Friday, June 19, 2009

Iowa Supremes Interpret Equine Activity Statute

Baker v. Shields, no. 07-1102 (Iowa June 19, 2009).

Baker was employed as a farmhand and worked for the Shields, father and son. In the course of attempting to move cattle, Baker was thrown from a horse. The third time he attempted to ride the horse he sustained a serious leg fracture and sued the Shields, father and son.

The Shields filed for summary judgment based on the immunity provisions of Iowa Code section 673.2 which provides that the owner of a domesticated animal is not liable for injuries sustained by a participant in the activity because of the inherent risks of a domesticated animal activity.

Baker disagreed, arguing that chapter 673 does not apply to the use of horses in traditional farming activities. He also argued that because the Shields did not provide workmen's compensation insurance they were liable anyway under Iowa Code section 87.21.

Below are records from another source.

(** Profiles/histories are lists [c_1; ...; c_k]; [get c j] = c_j, with c_0 = 0. *)
Definition get (c : list R) (j : nat) : R :=
  match j with O => 0 | S k => nth k c 0 end.

Definition total (n : nat) (c : list R) : R :=
  fold_right Rplus 0 (map (get c) (seq 1 n)).

Definition payoff (n : nat) (l : nat -> R -> R) (P gamma rho B : R)
    (c : list R) (i : nat) : R :=
  - l i (get c i) + gamma * (get c (i - 1) / B) * get c i
  + rho / INR n * total n c
  - P * (if Rlt_dec (get c n) B then 1 else 0).

(** A strategy profile: agent i maps the observed history [c_1;...;c_{i-1}] to c_i. *)
Definition strategy := nat -> list R -> R.

Fixpoint play (s : strategy) (k : nat) (h : list R) : list R :=
  match k with
  | O => h
  | S k' => play s k' (h ++ (s (S (length h)) h :: nil))
  end.

Definition outcome (n : nat) (s : strategy) (h : list R) : list R :=
  play s (n - length h) h.

Definition feasible_strategy (cmin cmax : R) (s : strategy) : Prop :=
  forall i h, cmin <= s i h <= cmax.

Definition feasible_history (cmin cmax : R) (h : list R) : Prop :=
  List.Forall (fun x => cmin <= x <= cmax) h.

Definition deviate (s : strategy) (i : nat) (t : list R -> R) : strategy :=
  fun j h => if Nat.eqb j i then t h else s j h.

Definition is_SPNE (n : nat) (cmin cmax : R) (l : nat -> R -> R)
    (P gamma rho B : R) (s : strategy) : Prop :=
  feasible_strategy cmin cmax s /\
  forall h, feasible_history cmin cmax h -> (length h < n)%nat ->
  forall i, (length h < i <= n)%nat ->
  forall t : list R -> R, (forall h', cmin <= t h' <= cmax) ->
    payoff n l P gamma rho B (outcome n (deviate s i t) h) i
      <= payoff n l P gamma rho B (outcome n s h) i.

Definition is_SPNE_outcome (n : nat) (cmin cmax : R) (l : nat -> R -> R)
    (P gamma rho B : R) (c : list R) : Prop :=
  exists s, is_SPNE n cmin cmax l P gamma rho B s /\ outcome n s nil = c.

Definition welfare (n : nat) (l : nat -> R -> R) (P gamma rho B : R)
    (c : list R) : R :=
  fold_right Rplus 0 (map (payoff n l P gamma rho B c) (seq 1 n)).

Definition max_range (a b : nat) (f : nat -> R) : R :=
  fold_right Rmax (f a) (map f (seq a (S (b - a)))).

From Stdlib Require Import Reals List Lra Lia.
From Coquelicot Require Import Coquelicot.
Open Scope R_scope.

The district court concluded that the Shields were protected by Iowa Code section 673.2 and that Baker could not rely on section 87.21 because 87.21 only applies to common law defenses, not statutorily created defenses.

The Supreme Court affirmed, noting that the 'manifest intent' of the legislature in enacting the state's equine activity statute was to provide a blanket immunity for a broad range of activities and that traditional farming was within the ambit of the statute.